Do you use predictions of seasonal climate to plan your garden work? Or are you frustrated because they don’t seem to be very useful? I’ve been getting a lot of complaints this year about how bad the climate forecast for winter was because what we have seen so far has not matched the predictions in many parts of the country. Let me take a few minutes to explain how they are made and what you can learn from them.

First, let me specify that I am not talking about long-range climate forecasts for 50 years down the road. Nor am I talking about weather forecasts for the next week. I am talking about the forecasts that cover the period from about 15 days to 3 months, which climatologists call the “seasonal to sub-seasonal forecasts”. These are the kinds of forecasts that say “Winter is likely to be warmer and drier than normal” or “Get ready for a big warm-up in the next month.” They can be useful in planning garden work a few weeks ahead, but they come with caveats.

“Glory of the Snow” in the snow. Taken by User:Ruhrfisch April 2006, Commons Wikimedia.
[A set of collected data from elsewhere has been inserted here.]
(* Let $H$ be a digraph and $\delta>0$. Then $G(H,\delta)$ is obtained when $x_1=x_2$. Hence \[ G(H,\delta)=\inf_{\substack{x\ge0,\ 0\le y_1,y_2\le1\\ y_1\vee y_2=1}}\{x(y_1+y_2): g_H(x,x,y_1,y_2)=1+\delta\}. \]
   Context: A digraph has no self-loops and at most one directed edge per ordered pair; degree = in-degree + out-degree; $\Delta$ is the maximum degree of $H$. $H^*$ is the induced subgraph on vertices of degree $\Delta$; $\mathcal S_H$ is the collection of independent sets of $H^*$ (including $\emptyset$). For $S\in\mathcal S_H$ let $T=\mathsf N(S)$ be the vertices outside $S$ adjacent in either direction to $S$, $\mathsf E(S,T)$ and $\mathsf E(T,S)$ the sets of edges from $S$ to $T$ and from $T$ to $S$, and $F_S$ the bipartite digraph on $S\cup T$ with edges $\mathsf E(S,T)\cup\mathsf E(T,S)$. A maximum fractional matching of $F_S$ is $w:\mathsf E(F_S)\to[0,1]$ with $\sum_{e\ni v}w(e)\le1$ for all vertices $v$ and equality for $v\in S$; $a_S=\max_w\sum_{e\in\mathsf E(S,T)}w(e)$, $b_S=\max_w\sum_{e\in\mathsf E(T,S)}w(e)$ over such $w$. $\mathsf v^+(S),\mathsf v^-(S),\mathsf v^{\pm}(S)$ are the numbers of vertices of $S$ with no in-neighbours, no out-neighbours, and both, respectively. \[ g_H(x_1,x_2,y_1,y_2)=\sum_{S\in\mathcal S_H}x_1^{\mathsf v^+(S)}x_2^{\mathsf v^-(S)}(x_1\wedge x_2)^{\mathsf v^{\pm}(S)}y_1^{a_S}y_2^{b_S}, \] \[ G(H,\delta)=\inf_{x_1,x_2\ge0,\ 0\le y_1,y_2\le1}\{x_1y_1+x_2y_2:g_H(x_1,x_2,y_1,y_2)=1+\delta\}. \] ''Obtained when $x_1=x_2$'' means restricting the infimum to $x_1=x_2$ does not change its value. *)

From HB Require Import structures.
From mathcomp Require Import all_boot all_order all_algebra.
From mathcomp Require Import all_classical all_reals all_analysis.
Set Implicit Arguments. Unset Strict Implicit. Unset Printing Implicit Defensive.
Import Order.TTheory GRing.Theory Num.Theory.
Local Open Scope ring_scope.
Local Open Scope classical_set_scope.

(* A digraph on a finite vertex type V is a relation e : rel V
   (e u v = there is an edge u -> v); "no self-loops" is irreflexive e,
   "at most one edge per ordered pair" is automatic. *)
Section Digraph.
Variables (V : finType) (e : rel V).

Definition outdeg (v : V) : nat := #|[set u | e v u]|.
Definition indeg (v : V) : nat := #|[set u | e u v]|.
Definition deg (v : V) : nat := (indeg v + outdeg v)%N.
Definition maxdeg : nat := \max_(v : V) deg v.
Definition Hstar : {set V} := [set v | deg v == maxdeg].
Definition indepHstar (S : {set V}) : bool :=
  (S \subset Hstar) && [forall u in S, forall v in S, ~~ e u v].
Definition nbhd (S : {set V}) : {set V} :=
  [set v | (v \notin S) && [exists u in S, e u v || e v u]].
Definition edgeF (S : {set V}) (u v : V) : bool :=
  e u v && (((u \in S) && (v \in nbhd S)) || ((u \in nbhd S) && (v \in S))).

Variable R : realType.

Definition wdeg (S : {set V}) (w : V -> V -> R) (v : V) : R :=
  \sum_(u | edgeF S v u) w v u + \sum_(u | edgeF S u v) w u v.

Definition frac_matching (S : {set V}) (w : V -> V -> R) : Prop :=
  (forall u v, edgeF S u v -> 0 <= w u v <= 1) /\
  (forall v, wdeg S w v <= 1) /\
  (forall v, v \in S -> wdeg S w v = 1).

Definition wST (S : {set V}) (w : V -> V -> R) : R :=
  \sum_(u in S) \sum_(v in nbhd S | e u v) w u v.
Definition wTS (S : {set V}) (w : V -> V -> R) : R :=
  \sum_(u in nbhd S) \sum_(v in S | e u v) w u v.

(* a_S, b_S : maxima (the maxima are attained, the feasible set being a
   nonempty compact polytope, so sup = max) *)
Definition aS (S : {set V}) : R := sup [set wST S w | w in frac_matching S].
Definition bS (S : {set V}) : R := sup [set wTS S w | w in frac_matching S].

Definition vplus (S : {set V}) : nat := #|[set v in S | indeg v == 0%N]|.
Definition vminus (S : {set V}) : nat := #|[set v in S | outdeg v == 0%N]|.
Definition vpm (S : {set V}) : nat :=
  #|[set v in S | (0 < indeg v)%N && (0 < outdeg v)%N]|.

(* g_H; real exponents via powR (with 0 `^ 0 = 1) *)
Definition gH (x1 x2 y1 y2 : R) : R :=
  \sum_(S : {set V} | indepHstar S)
    x1 ^+ vplus S * x2 ^+ vminus S * (Num.min x1 x2) ^+ vpm S
    * (y1 `^ aS S) * (y2 `^ bS S).

(* G(H, delta), as an extended real (inf of the empty set = +oo) *)
Definition GH (delta : R) : \bar R :=
  ereal_inf [set z : \bar R | exists x1 x2 y1 y2 : R,
    0 <= x1 /\ 0 <= x2 /\ 0 <= y1 <= 1 /\ 0 <= y2 <= 1 /\
    gH x1 x2 y1 y2 = 1 + delta /\ z = (x1 * y1 + x2 * y2)%:E].

End Digraph.

From HB Require Import structures.
From mathcomp Require Import all_boot all_order all_algebra.
From mathcomp Require Import all_classical all_reals all_analysis.
From mathcomp Require Import ring lra.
Unlike weather forecasts, there are only a few models that predict climate in the monthly to seasonal time period. That is because we can’t just run the weather models out four to twelve weeks and expect to get anything like real weather. The weather models are built to handle short time steps and detailed information about temperatures, rainfall, and all the other factors that make up your daily weather, and to do it fast enough that you can actually use the forecast to decide when to wear your raincoat. They are useful out to about a week, but then their accuracy starts to break down because there are too many things going on around the globe to capture accurately over time, and so the short-term models tend to drift away from reality the farther from “now” you get. Models for monthly to seasonal climate tend to be based not on dynamical atmospheres like weather models but on statistics.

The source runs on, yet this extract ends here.